* BRIEF:
In the entries below, count every line containing "that". Return the number and nothing else.

--- INPUT Enclosed Below ---

Definition zero_error_alg (R : realType) (n : nat) (A : rand_alg R n)
  (dom : {set {ffun 'I_n -> sym}}) (g : {ffun 'I_n -> sym} -> bool) : Prop :=
  (forall p, List.In p A -> 0 <= p.1) /\
  \sum_(p <- A) p.1 = 1 /\
  (forall p, List.In p A -> 0 < p.1 -> forall z, z \in dom -> dt_eval p.2 z = g z).

Definition expected_cost (R : realType) (n : nat) (A : rand_alg R n)
  (z : {ffun 'I_n -> sym}) : R :=
  \sum_(p <- A) p.1 * (dt_cost p.2 z)%:R.

Definition worst_expected_cost (R : realType) (n : nat) (A : rand_alg R n)
  (dom : {set {ffun 'I_n -> sym}}) : R :=
  \big[Num.max/0]_(z in dom) expected_cost A z.

Definition R0 (R : realType) (n : nat) (dom : {set {ffun 'I_n -> sym}})
  (g : {ffun 'I_n -> sym} -> bool) : R :=
  inf [set worst_expected_cost A dom | A in [set A : rand_alg R n |
                                               zero_error_alg A dom g]].

Definition RS (R : realType) (n : nat) (D : {set {ffun 'I_n -> bool}})
  (f : {ffun 'I_n -> bool} -> bool) : R :=
  R0 R (sab_domain D f) (@f_sab n).

From mathcomp Require Import all_boot all_order all_algebra.
From mathcomp Require Import classical_sets reals.
From mathcomp Require Import complex.
From mathcomp Require Import ring lra.
Import Order.TTheory GRing.Theory Num.Theory.
Local Open Scope ring_scope.

Set Implicit Arguments.
Unset Strict Implicit.
Unset Printing Implicit Defensive.

(** A zero-error randomized algorithm for f_sab, of expected cost E, is run
    coherently for T = floor(2E) queries: a reflection prepares the
    purification sum_v sqrt(p_v) |v>|v> of its distribution over decision
    trees, and each tree is then simulated reversibly, the answers it receives
    being recorded in the workspace.  The kept registers end up in the
    classical mixture over v of (tree v, its first T answers).  If
    f(x) <> f(y), a correct tree tells the *-sabotaged input from the
    dagger-sabotaged one, so before stopping it must have queried a position
    where x and y differ: every tree that stops within T queries on the
    *-input records different answers on x and on y.  By Markov's inequality
    these trees carry probability at least 1/2, hence the two output states
    are at trace distance at least 1/4, and QS(f) <= 2 RS(f). *)

Lemma sum_delta (I : finType) (V : pzSemiRingType) (F : I -> V) (s : I) :
  \sum_t (t == s)%:R * F t = F s.
Proof.
rewrite (bigD1 s) //= eqxx mul1r big1 ?addr0 // => t /negbTE ->.
by rewrite mul0r.
Qed.

Lemma conj_delta_mul (C : numClosedFieldType) (c : bool) (z : C) :
  Num.conj (c%:R * z) * (c%:R * z) = c%:R * (Num.conj z * z).
Proof. by case: c; rewrite ?mul1r ?mul0r ?rmorph0 ?mul0r // rmorph1 mul1r. Qed.

Lemma In_seq_nth (X : Type) (x0 : X) (s : seq X) i :
  (i < size s)%N -> List.In (nth x0 s i) s.
Proof. by elim: s i => [|x s IH] [|i] //= lt_i_s; [left | right; apply: IH]. Qed.
(** * Power series of Jordan chains *)

Section Chains.
Context {H : HilbertSpace}.

Definition vpsum (e : nat -> H) (t : CC) (N : nat) : H := vsum N (fun k => vscale (Cpow t k) (e k)).

Lemma vpsum_converges e K Q t : 0 <= Q -> Cnorm t * Q <= 1/2 -> (forall k, hnorm (e k) <= K * Q ^ k) ->
  exists g, hconv (vpsum e t) g.
Proof.
  intros hQ ht he. apply (vseries_converges _ (Rabs K)). intros k. rewrite hnorm_scale, Cnorm_pow.
  apply Rle_trans with (K * Q ^ k * Cnorm t ^ k).
  - rewrite Rmult_comm. apply Rmult_le_compat_r. apply pow_le, Cnorm_ge0. apply he.
  - apply pow_bound_mul; auto using Cnorm_ge0.
Qed.

Lemma cconv_inner_vpsum e t g y : hconv (vpsum e t) g ->
  cconv (psum (fun k => inner (e k) y) t) (inner g y).
Proof.
  intros hc. eapply cconv_ext. 2: exact (cconv_inner _ _ y hc).
  intros n. unfold vpsum, psum. rewrite inner_vsum_l. apply csum_ext. intros k _.
  rewrite inner_scale_l. ring.
Qed.

Lemma hconv_vpsum_bounded_op (S : H -> H) e t g : bounded_op S -> hconv (vpsum e t) g ->
  hconv (vpsum (fun k => S (e k)) t) (S g).
Proof.
  intros hS hc. eapply hconv_ext. 2: exact (hconv_bounded_op S _ _ hS hc).
  intros n. unfold vpsum. rewrite bounded_op_vsum by auto.
  apply vsum_ext. intros k _. destruct hS as [_ [h _]]. apply h.
Qed.
(* Let $n\in\mathbb{N}$, $t\geq0$, $c\geq1$, and $\mathcal{E}'_n=c\cdot\mathcal{E}_n$. Then $$\mathrm{Diff}_t(\mathcal{E}_n):=\left|\mathrm{Pr}^{\mathcal{E}_n}(\lozenge^{\leq t}g)-\mathrm{Pr}^{\mathcal{E}'_n}(\lozenge^{\leq t}g)\right|=\sum_{k=0}^{n-1}\frac{t^k}{k!}\left(e^{-t}-c^ke^{-ct}\right).$$ If $c>1$, the function $t\mapsto\mathrm{Diff}_t(\mathcal{E}_n)$ has a local maximum at $t=\frac{n\ln(c)}{c-1}$ that is global on $[0,\infty)$.
   Context: The Erlang CTMC $\mathcal{E}_n$ has non-goal states $s_0,\dots,s_{n-1}$ and a goal state $s_n=g$, initial state $s_0$ (for $n=0$ it consists of $g$ only), all $s_0,\dots,s_{n-1}$ carry the same label and $g$ a different one, all exit rates equal $1$, $P(s_i,s_{i+1})=1$ for $0\leq i<n$, and $P(g,g)=1$. (In a CTMC the process stays in state $s$ an exponentially distributed time with rate $E(s)$ and then jumps to $s'$ with probability $P(s,s')$.) $c\cdot\mathcal{E}_n$ is obtained by multiplying all exit rates by $c$. $\mathrm{Pr}^{\mathcal{M}}(\lozenge^{\leq t}g)$ is the probability that $\mathcal{M}$ started in its initial state reaches $g$ within time $t$. *)

From Stdlib Require Import Reals Lra List Arith.
From Coquelicot Require Import Coquelicot.
Open Scope R_scope.

Definition sumR (n : nat) (f : nat -> R) : R :=
  fold_right Rplus 0 (map f (seq 0 n)).

(* A finite labelled CTMC with states 0 .. nstates-1.
   E s = exit rate of s, P s s' = jump probability, init = initial state,
   goal s = whether s carries the goal label g. *)
Record CTMC := mkCTMC {
  nstates : nat;
  E : nat -> R;
  P : nat -> nat -> R;
  init : nat;
  goal : nat -> bool
}.

(* Probability of reaching a goal state from s within time t using at most
   k jumps (the standard integral characterisation of time-bounded
   reachability in CTMCs, Baier-Haverkort-Hermanns-Katoen 2003, unfolded k
   times). *)
Fixpoint reach_k (M : CTMC) (k : nat) (s : nat) (t : R) : R :=
  if Rlt_dec t 0 then 0 else
  if goal M s then 1 else
  match k with
  | O => 0
  | S k' =>
      RInt (fun x => E M s * exp (- (E M s) * x) *
                     sumR (nstates M) (fun s' => P M s s' * reach_k M k' s' (t - x)))
           0 t
  end.

(* Pr^M (<>^{<= t} g): the least fixed point, i.e. the limit over the
   number of allowed jumps (the sequence is nondecreasing and bounded). *)
Definition Pr_reach (M : CTMC) (t : R) : R :=
  real (Lim_seq (fun k => reach_k M k (init M) t)).

(* c . E_n : states s_0..s_{n-1} (non-goal), s_n = g (goal), initial s_0,
   every exit rate equal to c, P(s_i, s_{i+1}) = 1, P(g,g) = 1. *)
Definition erlang (c : R) (n : nat) : CTMC :=
  mkCTMC (S n)
    (fun _ => c)
    (fun s s' => if Nat.ltb s n then (if Nat.eqb s' (S s) then 1 else 0)
                 else (if Nat.eqb s' s then 1 else 0))
    0%nat
    (fun s => Nat.eqb s n).

Definition Diff (c : R) (n : nat) (t : R) : R :=
  Rabs (Pr_reach (erlang 1 n) t - Pr_reach (erlang c n) t).

(* In c.E_n the state s_(n-j) reaches g within time t with probability
   F_j(t) = 1 - e^(-ct) sum_(i<j) (ct)^i/i!, the Erlang(j, c) distribution
   function: unfolding the integral recursion once convolves F_j with the
   Exp(c) density, which gives F_(j+1). Once at least n jumps are allowed the
   k-jump approximation is already exact, so the limit defining Pr_reach is
   trivial. Hence Diff_t = G(t) - G(ct) with G(u) = e^(-u) sum_(k<n) u^k/k!
   the Poisson tail, which is nonincreasing, and this difference expands to
   the stated sum. Its derivative is t^(n-1)/(n-1)! e^(-t) (e^((c-1)(t0-t)) - 1),
   nonnegative before t0 = n ln c / (c - 1) and nonpositive after it. *)

From Stdlib Require Import Reals List Arith Lra Lia.
From Coquelicot Require Import Coquelicot.
Open Scope R_scope.

Lemma sumR_O f : sumR 0 f = 0.
Proof. reflexivity. Qed.

Lemma sumR_S n f : sumR (S n) f = sumR n f + f n.
Proof.
  unfold sumR. rewrite seq_S, map_app, fold_right_app; simpl.
  induction (map f (seq 0 n)) as [|a l IH]; simpl; lra.
Qed.

Lemma sumR_ext n f g : (forall k, (k < n)%nat -> f k = g k) -> sumR n f = sumR n g.
Proof.
  induction n as [|n IH]; intros Hfg; [reflexivity|].
  rewrite !sumR_S, IH, Hfg; auto.
Qed.

Lemma sumR_indicator n a f : (a < n)%nat ->
  sumR n (fun s => (if Nat.eqb s a then 1 else 0) * f s) = f a.
Proof.
  induction n as [|n IH]; intros Ha; [lia|]. rewrite sumR_S.
  destruct (Nat.eq_dec a n) as [->|Hne].
  - rewrite Nat.eqb_refl, (sumR_ext _ _ (fun _ => 0)).
    + enough (Hzero : forall N, sumR N (fun _ => 0) = 0) by (rewrite Hzero; lra).
      induction N as [|N IHN]; [reflexivity|]. rewrite sumR_S, IHN. lra.
    + intros k Hk. destruct (Nat.eqb_spec k n); [lia|]. lra.
  - rewrite IH by lia. destruct (Nat.eqb_spec n a); [lia|]. lra.
Qed.

Lemma is_derive_nonneg_le f df a b : a <= b ->
  (forall x, a <= x <= b -> is_derive f x (df x)) ->
  (forall x, a <= x <= b -> 0 <= df x) -> f a <= f b.
Proof.
  intros Hab Hder Hpos.
  destruct (MVT_gen f a b df) as [y [Hy Heq]];
    rewrite ?Rmin_left, ?Rmax_right in * by lra.
  - intros x Hx. apply Hder. lra.
  - intros x Hx. apply continuity_pt_filterlim, (@ex_derive_continuous R_AbsRing R_NormedModule).
    eexists. apply Hder. lra.
  - assert (0 <= df y * (b - a)) by (apply Rmult_le_pos; [apply Hpos|]; lra). lra.
Qed.

Lemma is_derive_max_at f df a t0 : a <= t0 ->
  (forall x, a <= x -> is_derive f x (df x)) ->
  (forall x, a <= x <= t0 -> 0 <= df x) ->
  (forall x, t0 <= x -> df x <= 0) ->
  forall t, a <= t -> f t <= f t0.
Proof.
  intros Ht0 Hder Hinc Hdec t Ht. destruct (Rle_dec t t0).
  - apply (is_derive_nonneg_le f df); auto.
    + intros x Hx. apply Hder. lra.
    + intros x Hx. apply Hinc. lra.
  - enough (- f t0 <= - f t) by lra.
    apply (is_derive_nonneg_le (fun x => - f x) (fun x => - df x)); [lra| |].
    + intros x Hx. apply (is_derive_opp f), Hder. lra.
    + intros x Hx. enough (df x <= 0) by lra. apply Hdec. lra.
Qed.

Lemma exp_le_exp_of_le x y : x <= y -> exp x <= exp y.
Proof. intros [Hlt|Heq]; [left; apply exp_increasing; lra|rewrite Heq; lra]. Qed.

Lemma pow_eq_exp_ln c k : 0 < c -> c ^ k = exp (INR k * ln c).
Proof. intros Hc. rewrite <- ln_pow, exp_ln by auto using pow_lt. reflexivity. Qed.

Lemma pow_div_fact_nonneg u k : 0 <= u -> 0 <= u ^ k / INR (fact k).
Proof. intros Hu. apply Rdiv_le_0_compat; [apply pow_le|apply INR_fact_lt_0]; auto. Qed.

Definition exp_partial (j : nat) (u : R) : R := sumR j (fun i => u ^ i / INR (fact i)).

Lemma exp_partial_S j u : exp_partial (S j) u = exp_partial j u + u ^ j / INR (fact j).
Proof. apply sumR_S. Qed.

Lemma exp_partial_S_0 j : exp_partial (S j) 0 = 1.
Proof.
  induction j as [|j IH]; rewrite exp_partial_S; [|rewrite IH]; simpl; unfold exp_partial;
    rewrite ?sumR_O; lra.
Qed.

Lemma is_derive_exp_partial j u : is_derive (exp_partial (S j)) u (exp_partial j u).
Proof.
  induction j as [|j IH].
  - apply (is_derive_ext (fun _ => 1)).
    + intros t. rewrite exp_partial_S. unfold exp_partial. rewrite sumR_O. simpl. lra.
    + unfold exp_partial. rewrite sumR_O. auto_derive; auto.
  - apply (is_derive_ext (fun t => exp_partial (S j) t + t ^ S j / INR (fact (S j)))).
    { intros t. symmetry. apply exp_partial_S. }
    rewrite exp_partial_S.
    apply (is_derive_plus (exp_partial (S j)) (fun t => t ^ S j / INR (fact (S j)))); auto.
    auto_derive; [auto|].
    change (match j with 0%nat => 1 | S _ => INR j + 1 end) with (INR (S j)).
    replace (fact j + j * fact j)%nat with (S j * fact j)%nat by (simpl; lia).
    rewrite mult_INR. field. split; [apply INR_fact_neq_0|apply not_0_INR; lia].
Qed.

Lemma ex_derive_exp_partial j u : ex_derive (exp_partial j) u.
Proof.
  destruct j as [|j]; [|eexists; apply is_derive_exp_partial].
  apply (ex_derive_ext (fun _ => 0)); [reflexivity|]. auto_derive; auto.
Qed.

Definition poisson_cdf (j : nat) (u : R) : R := exp (- u) * exp_partial j u.

Lemma is_derive_poisson_cdf m u :
  is_derive (poisson_cdf (S m)) u (- (exp (- u) * (u ^ m / INR (fact m)))).
Proof.
  unfold poisson_cdf. auto_derive; [apply ex_derive_exp_partial|].
  erewrite is_derive_unique by apply is_derive_exp_partial. rewrite exp_partial_S. ring.
Qed.

Lemma poisson_cdf_nonincreasing j a b : 0 <= a <= b -> poisson_cdf j b <= poisson_cdf j a.
Proof.
  intros Hab. destruct j as [|m].
  - unfold poisson_cdf, exp_partial. rewrite !sumR_O. lra.
  - enough (- poisson_cdf (S m) a <= - poisson_cdf (S m) b) by lra.
    apply (is_derive_nonneg_le (fun u => - poisson_cdf (S m) u)
      (fun u => exp (- u) * (u ^ m / INR (fact m)))); [lra| |].
    + intros x _. rewrite <- Ropp_involutive.
      apply (is_derive_opp (poisson_cdf (S m))), is_derive_poisson_cdf.
    + intros x Hx. apply Rmult_le_pos; [left; apply exp_pos|apply pow_div_fact_nonneg; lra].
Qed.

Lemma RInt_exp_density_poisson_cdf j c t :
  RInt (fun x => c * exp (- c * x) * (1 - poisson_cdf j (c * (t - x)))) 0 t
  = 1 - poisson_cdf (S j) (c * t).
Proof.
  apply is_RInt_unique.
  set (F x := - exp (- c * x) + exp (- (c * t)) * exp_partial (S j) (c * (t - x))).
  replace (1 - poisson_cdf (S j) (c * t)) with (minus (F t) (F 0)).
  2:{ unfold minus, plus, opp, F, poisson_cdf; simpl.
      rewrite Rminus_diag, Rmult_0_r, exp_partial_S_0, Rminus_0_r, Rmult_0_r, exp_0.
      replace (- c * t) with (- (c * t)) by ring. lra. }
  apply (is_RInt_derive F).
  - intros x _. unfold F, poisson_cdf. auto_derive; [apply ex_derive_exp_partial|].
    rewrite (is_derive_unique _ _ _ (is_derive_exp_partial j _)).
    replace (- (c * t)) with (- c * x + - (c * (t - x))) by ring.
    rewrite exp_plus. replace (t + - x) with (t - x) by ring. ring.
  - intros x _. apply (@ex_derive_continuous R_AbsRing R_NormedModule).
    unfold poisson_cdf. auto_derive. apply ex_derive_exp_partial.
Qed.

Definition erlang_cdf (c : R) (j : nat) (t : R) : R :=
  if Rlt_dec t 0 then 0 else 1 - poisson_cdf j (c * t).

Lemma reach_k_erlang c n j : (j <= n)%nat -> forall m t,
  reach_k (erlang c n) (m + j) (n - j) t = erlang_cdf c j t.
Proof.
  induction j as [|j IH]; intros Hj m t; unfold erlang_cdf.
  - rewrite Nat.add_0_r, Nat.sub_0_r.
    destruct m; simpl; destruct (Rlt_dec t 0); rewrite ?Nat.eqb_refl; try reflexivity;
      unfold poisson_cdf, exp_partial; rewrite sumR_O; ring.
  - rewrite Nat.add_succ_r. simpl reach_k. destruct (Rlt_dec t 0); [reflexivity|].
    replace (n - S j =? n)%nat with false by (symmetry; apply Nat.eqb_neq; lia).
    replace (n - S j <? n)%nat with true by (symmetry; apply Nat.ltb_lt; lia).
    rewrite <- RInt_exp_density_poisson_cdf.
    apply RInt_ext. intros x Hx. rewrite Rmin_left, Rmax_right in Hx by lra.
    rewrite sumR_indicator by lia.
    replace (S (n - S j)) with (n - j)%nat by lia.
    rewrite IH by lia. unfold erlang_cdf. destruct (Rlt_dec (t - x) 0); [lra|]. reflexivity.
Qed.

Lemma Pr_reach_erlang c n t : Pr_reach (erlang c n) t = erlang_cdf c n t.
Proof.
  unfold Pr_reach. rewrite <- (Lim_seq_incr_n _ n).
  rewrite (Lim_seq_ext _ (fun _ => erlang_cdf c n t)), Lim_seq_const; [reflexivity|].
  intros k. simpl init. replace 0%nat with (n - n)%nat at 1 by lia.
  apply reach_k_erlang. lia.
Qed.

Lemma Diff_poisson_cdf c n t : 1 <= c -> 0 <= t ->
  Diff c n t = poisson_cdf n t - poisson_cdf n (c * t).
Proof.
  intros Hc Ht. unfold Diff. rewrite !Pr_reach_erlang. unfold erlang_cdf.
  destruct (Rlt_dec t 0); [lra|]. rewrite Rmult_1_l, Rabs_minus_sym, Rabs_right; [ring|].
  assert (poisson_cdf n (c * t) <= poisson_cdf n t)
    by (apply poisson_cdf_nonincreasing; nra).
  lra.
Qed.

Lemma poisson_cdf_sub_scale n c t :
  poisson_cdf n t - poisson_cdf n (c * t)
  = sumR n (fun k => t ^ k / INR (fact k) * (exp (- t) - c ^ k * exp (- (c * t)))).
Proof.
  unfold poisson_cdf. induction n as [|n IH].
  - unfold exp_partial. rewrite !sumR_O. ring.
  - rewrite sumR_S, <- IH, !exp_partial_S, Rpow_mult_distr.
    field. apply INR_fact_neq_0.
Qed.

Lemma is_derive_poisson_cdf_sub_scale m c t :
  is_derive (fun t => poisson_cdf (S m) t - poisson_cdf (S m) (c * t)) t
    (t ^ m / INR (fact m) * (c ^ S m * exp (- (c * t)) - exp (- t))).
Proof.
  auto_derive.
  - repeat split; eexists; apply is_derive_poisson_cdf.
  - rewrite !(is_derive_unique _ _ _ (is_derive_poisson_cdf m _)), Rpow_mult_distr.
    simpl pow. field. apply INR_fact_neq_0.
Qed.

Lemma scaled_ln_div_nonneg k c : 1 < c -> 0 <= INR k * ln c / (c - 1).
Proof.
  intros Hc. assert (0 < ln c) by (rewrite <- ln_1; apply ln_increasing; lra).
  apply Rdiv_le_0_compat; [apply Rmult_le_pos; [apply pos_INR|]|]; lra.
Qed.

Lemma pow_exp_sub_exp c k t : 1 < c ->
  c ^ k * exp (- (c * t)) - exp (- t)
  = exp (- t) * (exp ((c - 1) * (INR k * ln c / (c - 1) - t)) - 1).
Proof.
  intros Hc. rewrite pow_eq_exp_ln by lra.
  replace ((c - 1) * (INR k * ln c / (c - 1) - t)) with (INR k * ln c + - (c * t) + t)
    by (field; lra).
  rewrite !exp_plus, (exp_Ropp t). field. apply Rgt_not_eq, exp_pos.
Qed.

Lemma pow_exp_sub_exp_nonneg c k t : 1 < c -> t <= INR k * ln c / (c - 1) ->
  0 <= c ^ k * exp (- (c * t)) - exp (- t).
Proof.
  intros Hc Ht. rewrite pow_exp_sub_exp by lra.
  pose proof (exp_le_exp_of_le 0 _ (Rmult_le_pos (c - 1) (INR k * ln c / (c - 1) - t) ltac:(lra) ltac:(lra))) as Hge.
  rewrite exp_0 in Hge. apply Rmult_le_pos; [left; apply exp_pos|lra].
Qed.

Lemma pow_exp_sub_exp_nonpos c k t : 1 < c -> INR k * ln c / (c - 1) <= t ->
  c ^ k * exp (- (c * t)) - exp (- t) <= 0.
Proof.
  intros Hc Ht. rewrite pow_exp_sub_exp by lra.
  pose proof (exp_le_exp_of_le _ 0 (Rmult_le_0_l (c - 1) (INR k * ln c / (c - 1) - t) ltac:(lra) ltac:(lra))) as Hle.
  rewrite exp_0 in Hle. apply Rmult_le_0_l; [left; apply exp_pos|lra].
Qed.

Lemma poisson_cdf_sub_scale_max n c t : 1 < c -> 0 <= t ->
  let t0 := INR n * ln c / (c - 1) in
  poisson_cdf n t - poisson_cdf n (c * t) <= poisson_cdf n t0 - poisson_cdf n (c * t0).
Proof.
  intros Hc Ht t0. destruct n as [|m].
  { unfold poisson_cdf, exp_partial. rewrite !sumR_O. lra. }
  apply (is_derive_max_at (fun t => poisson_cdf (S m) t - poisson_cdf (S m) (c * t))
           (fun x => x ^ m / INR (fact m) * (c ^ S m * exp (- (c * x)) - exp (- x))) 0 t0);
    [apply scaled_ln_div_nonneg, Hc|intros; apply is_derive_poisson_cdf_sub_scale| | |exact Ht].
  - intros x Hx. apply Rmult_le_pos.
    + apply pow_div_fact_nonneg. lra.
    + apply pow_exp_sub_exp_nonneg; [exact Hc|apply Hx].
  - intros x Hx. pose proof (scaled_ln_div_nonneg (S m) c Hc). apply Rmult_le_0_l.
    + apply pow_div_fact_nonneg. unfold t0 in Hx. lra.
    + apply pow_exp_sub_exp_nonpos; [exact Hc|exact Hx].
Qed.

Theorem proposition4 (n : nat) (c : R) (hc : 1 <= c) :
  (forall t : R, 0 <= t ->
     Diff c n t =
     sumR n (fun k => t ^ k / INR (fact k) * (exp (- t) - c ^ k * exp (- (c * t)))))
  /\
  (1 < c ->
     let t0 := INR n * ln c / (c - 1) in
     (exists eps : R, 0 < eps /\
        forall t : R, 0 <= t -> Rabs (t - t0) < eps -> Diff c n t <= Diff c n t0)
     /\ (forall t : R, 0 <= t -> Diff c n t <= Diff c n t0)).
Proof.
  split.
  - intros t Ht. rewrite Diff_poisson_cdf, poisson_cdf_sub_scale; auto.
  - intros Hc t0.
    assert (Ht0 : 0 <= t0) by exact (scaled_ln_div_nonneg n c Hc).
    assert (Hglobal : forall t, 0 <= t -> Diff c n t <= Diff c n t0).
    { intros t Ht. rewrite !Diff_poisson_cdf by lra.
      apply poisson_cdf_sub_scale_max; lra. }
    split; [exists 1; split; [lra|]|]; auto.
Qed.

--- End of Enclosed INPUT ---

* THE COMPLETED TASK:
3